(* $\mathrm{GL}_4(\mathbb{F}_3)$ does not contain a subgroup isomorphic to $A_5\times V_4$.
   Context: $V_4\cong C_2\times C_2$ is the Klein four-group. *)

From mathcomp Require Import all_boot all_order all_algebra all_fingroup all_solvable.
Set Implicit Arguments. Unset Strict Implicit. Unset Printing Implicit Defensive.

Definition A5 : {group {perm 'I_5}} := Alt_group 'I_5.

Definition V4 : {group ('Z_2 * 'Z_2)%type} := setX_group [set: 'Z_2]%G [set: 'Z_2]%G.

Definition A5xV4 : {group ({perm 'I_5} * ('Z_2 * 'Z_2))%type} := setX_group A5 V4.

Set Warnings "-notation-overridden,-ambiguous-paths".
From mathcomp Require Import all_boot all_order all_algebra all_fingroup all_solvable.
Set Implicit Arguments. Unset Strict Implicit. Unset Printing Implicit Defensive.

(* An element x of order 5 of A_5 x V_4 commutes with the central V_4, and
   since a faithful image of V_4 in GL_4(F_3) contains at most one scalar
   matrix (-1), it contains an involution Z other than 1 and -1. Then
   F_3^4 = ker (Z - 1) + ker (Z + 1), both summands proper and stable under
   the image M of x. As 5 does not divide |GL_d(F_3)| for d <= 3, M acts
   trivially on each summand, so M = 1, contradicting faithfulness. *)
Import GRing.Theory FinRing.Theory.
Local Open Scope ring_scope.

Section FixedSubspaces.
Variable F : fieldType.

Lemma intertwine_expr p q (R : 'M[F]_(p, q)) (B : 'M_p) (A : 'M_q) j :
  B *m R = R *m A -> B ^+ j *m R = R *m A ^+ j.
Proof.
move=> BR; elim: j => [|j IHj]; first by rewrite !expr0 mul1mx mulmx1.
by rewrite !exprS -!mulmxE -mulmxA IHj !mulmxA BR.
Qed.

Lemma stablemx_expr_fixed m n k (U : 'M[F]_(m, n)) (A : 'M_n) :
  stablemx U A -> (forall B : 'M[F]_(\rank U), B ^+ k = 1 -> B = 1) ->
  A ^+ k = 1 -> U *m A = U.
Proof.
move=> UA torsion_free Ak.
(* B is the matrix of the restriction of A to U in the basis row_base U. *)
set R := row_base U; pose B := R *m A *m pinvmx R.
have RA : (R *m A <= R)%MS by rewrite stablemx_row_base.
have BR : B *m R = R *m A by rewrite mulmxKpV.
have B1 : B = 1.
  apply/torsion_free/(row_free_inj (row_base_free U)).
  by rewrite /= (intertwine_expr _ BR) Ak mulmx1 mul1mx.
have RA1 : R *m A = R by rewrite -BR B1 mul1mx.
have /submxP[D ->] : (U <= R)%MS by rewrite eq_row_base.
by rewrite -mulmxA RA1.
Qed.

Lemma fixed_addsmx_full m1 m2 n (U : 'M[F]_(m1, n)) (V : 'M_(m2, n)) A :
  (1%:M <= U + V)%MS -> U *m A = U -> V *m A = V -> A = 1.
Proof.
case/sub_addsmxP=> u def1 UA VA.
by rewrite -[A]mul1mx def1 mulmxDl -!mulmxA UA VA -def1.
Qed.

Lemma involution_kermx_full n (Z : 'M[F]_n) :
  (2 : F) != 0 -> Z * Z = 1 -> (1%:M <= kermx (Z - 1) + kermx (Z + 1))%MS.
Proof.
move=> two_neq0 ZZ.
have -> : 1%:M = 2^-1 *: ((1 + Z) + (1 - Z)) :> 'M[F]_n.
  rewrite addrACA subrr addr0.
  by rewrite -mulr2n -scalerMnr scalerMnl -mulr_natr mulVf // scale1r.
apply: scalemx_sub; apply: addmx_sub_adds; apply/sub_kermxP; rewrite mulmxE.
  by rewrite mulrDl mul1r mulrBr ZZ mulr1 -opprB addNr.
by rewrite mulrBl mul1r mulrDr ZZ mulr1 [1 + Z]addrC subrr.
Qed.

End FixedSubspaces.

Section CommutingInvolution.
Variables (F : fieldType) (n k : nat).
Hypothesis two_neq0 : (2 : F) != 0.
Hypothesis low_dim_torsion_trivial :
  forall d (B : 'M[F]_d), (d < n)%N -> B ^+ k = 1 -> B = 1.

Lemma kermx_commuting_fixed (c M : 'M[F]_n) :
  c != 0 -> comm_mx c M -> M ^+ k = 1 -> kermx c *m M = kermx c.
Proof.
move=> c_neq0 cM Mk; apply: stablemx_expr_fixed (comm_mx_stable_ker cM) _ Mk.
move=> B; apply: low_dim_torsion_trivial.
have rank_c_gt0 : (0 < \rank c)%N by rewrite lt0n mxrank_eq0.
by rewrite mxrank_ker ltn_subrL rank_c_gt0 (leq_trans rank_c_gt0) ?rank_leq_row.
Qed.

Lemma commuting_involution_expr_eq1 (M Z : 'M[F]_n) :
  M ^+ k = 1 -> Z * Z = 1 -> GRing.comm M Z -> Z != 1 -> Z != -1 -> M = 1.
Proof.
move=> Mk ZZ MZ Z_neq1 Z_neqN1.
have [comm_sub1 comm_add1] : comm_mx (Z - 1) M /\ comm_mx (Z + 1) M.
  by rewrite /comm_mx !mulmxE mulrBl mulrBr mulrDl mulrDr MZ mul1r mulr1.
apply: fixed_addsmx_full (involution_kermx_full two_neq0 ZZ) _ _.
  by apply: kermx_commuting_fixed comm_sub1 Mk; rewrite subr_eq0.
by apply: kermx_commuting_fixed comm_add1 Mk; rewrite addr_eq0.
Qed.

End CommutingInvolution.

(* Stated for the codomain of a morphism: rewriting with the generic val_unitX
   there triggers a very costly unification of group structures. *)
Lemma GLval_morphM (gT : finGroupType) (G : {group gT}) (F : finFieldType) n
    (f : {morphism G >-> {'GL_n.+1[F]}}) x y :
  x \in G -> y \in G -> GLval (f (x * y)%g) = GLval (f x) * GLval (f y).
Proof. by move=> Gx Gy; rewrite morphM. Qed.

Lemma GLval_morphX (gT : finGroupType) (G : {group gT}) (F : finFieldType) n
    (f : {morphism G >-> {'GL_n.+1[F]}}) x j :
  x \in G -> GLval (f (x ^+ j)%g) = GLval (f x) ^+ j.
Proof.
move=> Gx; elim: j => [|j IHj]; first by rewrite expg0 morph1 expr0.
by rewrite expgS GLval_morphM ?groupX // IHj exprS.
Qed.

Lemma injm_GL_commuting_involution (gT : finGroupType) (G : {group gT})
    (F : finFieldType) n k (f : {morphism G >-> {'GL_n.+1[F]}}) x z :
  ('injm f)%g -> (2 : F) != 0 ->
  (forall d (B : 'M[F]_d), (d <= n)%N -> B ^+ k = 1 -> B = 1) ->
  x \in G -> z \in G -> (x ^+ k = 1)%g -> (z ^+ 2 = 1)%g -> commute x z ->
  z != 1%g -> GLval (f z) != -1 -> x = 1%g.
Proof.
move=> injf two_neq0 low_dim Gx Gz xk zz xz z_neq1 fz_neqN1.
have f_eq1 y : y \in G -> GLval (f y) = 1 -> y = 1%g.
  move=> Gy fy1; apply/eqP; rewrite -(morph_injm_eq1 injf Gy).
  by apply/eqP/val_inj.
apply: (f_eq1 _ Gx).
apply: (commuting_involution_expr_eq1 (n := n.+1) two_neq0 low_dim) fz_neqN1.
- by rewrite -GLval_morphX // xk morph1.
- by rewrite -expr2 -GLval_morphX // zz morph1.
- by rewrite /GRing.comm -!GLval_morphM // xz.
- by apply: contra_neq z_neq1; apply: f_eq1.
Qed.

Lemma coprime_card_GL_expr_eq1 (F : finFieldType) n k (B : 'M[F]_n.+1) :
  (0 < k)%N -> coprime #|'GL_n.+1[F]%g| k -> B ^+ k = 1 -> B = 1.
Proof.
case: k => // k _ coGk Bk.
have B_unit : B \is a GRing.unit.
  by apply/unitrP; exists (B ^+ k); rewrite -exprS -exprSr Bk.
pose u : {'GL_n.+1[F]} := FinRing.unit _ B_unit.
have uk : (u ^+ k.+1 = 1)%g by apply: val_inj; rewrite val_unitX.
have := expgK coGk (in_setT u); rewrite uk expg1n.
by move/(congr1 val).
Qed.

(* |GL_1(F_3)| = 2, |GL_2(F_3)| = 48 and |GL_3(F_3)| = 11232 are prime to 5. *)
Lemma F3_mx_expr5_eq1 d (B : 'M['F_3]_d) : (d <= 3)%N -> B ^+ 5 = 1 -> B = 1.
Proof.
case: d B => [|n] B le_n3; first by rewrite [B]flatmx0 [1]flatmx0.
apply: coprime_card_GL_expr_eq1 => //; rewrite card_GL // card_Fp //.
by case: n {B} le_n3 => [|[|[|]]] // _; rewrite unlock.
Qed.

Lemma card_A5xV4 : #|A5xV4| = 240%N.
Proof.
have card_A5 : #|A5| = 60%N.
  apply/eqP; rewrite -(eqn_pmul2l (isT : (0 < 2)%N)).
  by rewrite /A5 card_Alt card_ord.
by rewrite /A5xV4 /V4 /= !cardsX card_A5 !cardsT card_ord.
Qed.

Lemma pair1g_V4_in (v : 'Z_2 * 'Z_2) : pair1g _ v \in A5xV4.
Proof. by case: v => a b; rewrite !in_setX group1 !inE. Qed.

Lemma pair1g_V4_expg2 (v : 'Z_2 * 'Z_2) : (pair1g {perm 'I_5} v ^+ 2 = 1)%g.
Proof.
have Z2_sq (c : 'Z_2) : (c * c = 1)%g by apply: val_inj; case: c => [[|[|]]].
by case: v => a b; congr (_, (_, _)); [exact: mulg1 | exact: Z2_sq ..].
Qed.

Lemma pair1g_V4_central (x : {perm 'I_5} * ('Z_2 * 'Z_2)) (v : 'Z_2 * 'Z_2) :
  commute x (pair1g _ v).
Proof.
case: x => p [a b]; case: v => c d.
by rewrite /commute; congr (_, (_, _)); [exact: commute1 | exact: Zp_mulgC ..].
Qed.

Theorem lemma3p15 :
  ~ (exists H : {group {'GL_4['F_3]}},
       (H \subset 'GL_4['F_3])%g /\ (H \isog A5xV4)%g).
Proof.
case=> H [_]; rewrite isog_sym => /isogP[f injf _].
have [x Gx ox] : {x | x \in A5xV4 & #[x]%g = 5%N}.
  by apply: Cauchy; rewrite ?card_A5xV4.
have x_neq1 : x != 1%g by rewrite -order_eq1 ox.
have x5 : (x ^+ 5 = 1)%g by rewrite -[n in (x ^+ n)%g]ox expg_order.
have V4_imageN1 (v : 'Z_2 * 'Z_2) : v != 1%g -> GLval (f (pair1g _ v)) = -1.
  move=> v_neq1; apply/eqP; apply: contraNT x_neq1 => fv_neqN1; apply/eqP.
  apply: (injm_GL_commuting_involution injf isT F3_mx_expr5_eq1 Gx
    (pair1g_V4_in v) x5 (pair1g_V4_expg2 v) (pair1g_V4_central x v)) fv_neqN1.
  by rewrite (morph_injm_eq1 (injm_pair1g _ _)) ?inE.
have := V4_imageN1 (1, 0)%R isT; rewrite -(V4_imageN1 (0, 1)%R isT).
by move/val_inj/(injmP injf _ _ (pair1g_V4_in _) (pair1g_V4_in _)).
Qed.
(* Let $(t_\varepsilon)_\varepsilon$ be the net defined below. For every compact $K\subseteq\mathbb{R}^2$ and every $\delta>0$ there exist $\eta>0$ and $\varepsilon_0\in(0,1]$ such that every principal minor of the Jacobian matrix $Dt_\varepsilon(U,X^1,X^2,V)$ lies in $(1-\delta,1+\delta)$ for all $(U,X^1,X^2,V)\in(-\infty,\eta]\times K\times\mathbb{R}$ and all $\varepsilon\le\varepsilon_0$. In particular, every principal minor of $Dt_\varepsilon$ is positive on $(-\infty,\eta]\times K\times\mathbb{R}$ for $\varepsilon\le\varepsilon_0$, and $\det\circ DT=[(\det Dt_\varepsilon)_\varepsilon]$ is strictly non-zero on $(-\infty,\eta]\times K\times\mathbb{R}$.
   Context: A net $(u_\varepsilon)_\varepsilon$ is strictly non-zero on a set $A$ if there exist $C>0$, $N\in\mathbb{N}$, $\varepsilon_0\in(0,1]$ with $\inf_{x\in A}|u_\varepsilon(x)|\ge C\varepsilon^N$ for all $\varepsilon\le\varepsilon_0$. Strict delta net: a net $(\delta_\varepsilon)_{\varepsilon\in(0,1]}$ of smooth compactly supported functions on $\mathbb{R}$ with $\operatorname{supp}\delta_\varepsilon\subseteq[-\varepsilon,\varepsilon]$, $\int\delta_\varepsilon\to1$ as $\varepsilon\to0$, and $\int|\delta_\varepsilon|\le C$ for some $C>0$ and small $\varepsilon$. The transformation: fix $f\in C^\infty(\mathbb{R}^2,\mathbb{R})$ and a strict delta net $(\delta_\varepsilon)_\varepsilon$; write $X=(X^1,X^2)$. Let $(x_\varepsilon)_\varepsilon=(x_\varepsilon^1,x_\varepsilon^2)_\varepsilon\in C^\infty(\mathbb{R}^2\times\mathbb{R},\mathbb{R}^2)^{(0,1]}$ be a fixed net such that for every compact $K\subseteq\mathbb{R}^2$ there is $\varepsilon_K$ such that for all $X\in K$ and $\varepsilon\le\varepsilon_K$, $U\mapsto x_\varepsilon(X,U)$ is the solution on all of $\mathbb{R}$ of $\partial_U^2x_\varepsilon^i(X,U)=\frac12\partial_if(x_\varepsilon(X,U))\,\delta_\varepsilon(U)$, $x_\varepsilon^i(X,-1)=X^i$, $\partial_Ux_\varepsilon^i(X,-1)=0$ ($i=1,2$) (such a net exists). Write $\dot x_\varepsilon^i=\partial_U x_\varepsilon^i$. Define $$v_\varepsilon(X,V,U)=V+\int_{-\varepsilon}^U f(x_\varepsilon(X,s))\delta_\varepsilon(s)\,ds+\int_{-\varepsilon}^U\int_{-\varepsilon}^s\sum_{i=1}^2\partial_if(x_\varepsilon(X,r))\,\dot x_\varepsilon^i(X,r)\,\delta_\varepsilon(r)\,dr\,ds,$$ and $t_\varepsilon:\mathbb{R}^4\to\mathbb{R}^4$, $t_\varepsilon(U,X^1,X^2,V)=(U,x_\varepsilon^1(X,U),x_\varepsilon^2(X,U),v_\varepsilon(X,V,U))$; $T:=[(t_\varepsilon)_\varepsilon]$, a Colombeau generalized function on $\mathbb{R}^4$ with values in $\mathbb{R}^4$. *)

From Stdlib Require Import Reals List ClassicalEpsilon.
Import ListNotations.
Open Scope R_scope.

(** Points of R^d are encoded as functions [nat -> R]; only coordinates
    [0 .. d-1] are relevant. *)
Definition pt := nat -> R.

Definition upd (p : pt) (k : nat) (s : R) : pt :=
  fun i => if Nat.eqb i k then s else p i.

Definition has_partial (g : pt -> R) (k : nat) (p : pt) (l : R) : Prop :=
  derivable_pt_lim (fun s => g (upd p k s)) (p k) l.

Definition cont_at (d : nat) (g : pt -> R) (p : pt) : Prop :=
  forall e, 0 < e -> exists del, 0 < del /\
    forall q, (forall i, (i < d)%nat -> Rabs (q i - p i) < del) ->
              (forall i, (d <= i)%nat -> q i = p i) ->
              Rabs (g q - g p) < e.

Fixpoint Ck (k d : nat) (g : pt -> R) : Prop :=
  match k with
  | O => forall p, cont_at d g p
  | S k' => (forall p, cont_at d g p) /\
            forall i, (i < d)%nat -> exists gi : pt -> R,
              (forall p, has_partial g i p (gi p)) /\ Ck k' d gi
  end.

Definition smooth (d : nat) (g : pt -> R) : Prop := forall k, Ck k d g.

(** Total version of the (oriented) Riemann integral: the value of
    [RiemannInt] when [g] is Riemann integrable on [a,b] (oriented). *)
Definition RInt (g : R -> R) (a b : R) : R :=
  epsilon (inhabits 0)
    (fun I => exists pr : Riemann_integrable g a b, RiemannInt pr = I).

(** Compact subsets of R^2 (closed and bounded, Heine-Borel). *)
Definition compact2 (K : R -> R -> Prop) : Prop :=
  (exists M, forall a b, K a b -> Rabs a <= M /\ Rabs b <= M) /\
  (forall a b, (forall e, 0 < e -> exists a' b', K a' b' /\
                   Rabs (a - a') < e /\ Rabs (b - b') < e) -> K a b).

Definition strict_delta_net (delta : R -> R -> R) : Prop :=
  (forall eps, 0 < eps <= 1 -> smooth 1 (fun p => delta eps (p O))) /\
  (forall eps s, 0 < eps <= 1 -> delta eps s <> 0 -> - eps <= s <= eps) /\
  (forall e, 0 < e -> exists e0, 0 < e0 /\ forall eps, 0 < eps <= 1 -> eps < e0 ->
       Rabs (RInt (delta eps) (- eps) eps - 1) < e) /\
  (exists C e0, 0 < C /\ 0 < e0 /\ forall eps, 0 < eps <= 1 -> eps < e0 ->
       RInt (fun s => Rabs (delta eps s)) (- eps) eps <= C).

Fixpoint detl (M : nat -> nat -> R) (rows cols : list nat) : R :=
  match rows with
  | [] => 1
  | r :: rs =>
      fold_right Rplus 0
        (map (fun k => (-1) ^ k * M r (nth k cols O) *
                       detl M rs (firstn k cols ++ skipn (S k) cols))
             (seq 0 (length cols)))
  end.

========================================================================

_WORK INSTRUCTIONS_
Each line containing the word "FixedSubspaces" must be pulled from the listing and copied.

_OUTPUT BELOW_
Section FixedSubspaces.
End FixedSubspaces.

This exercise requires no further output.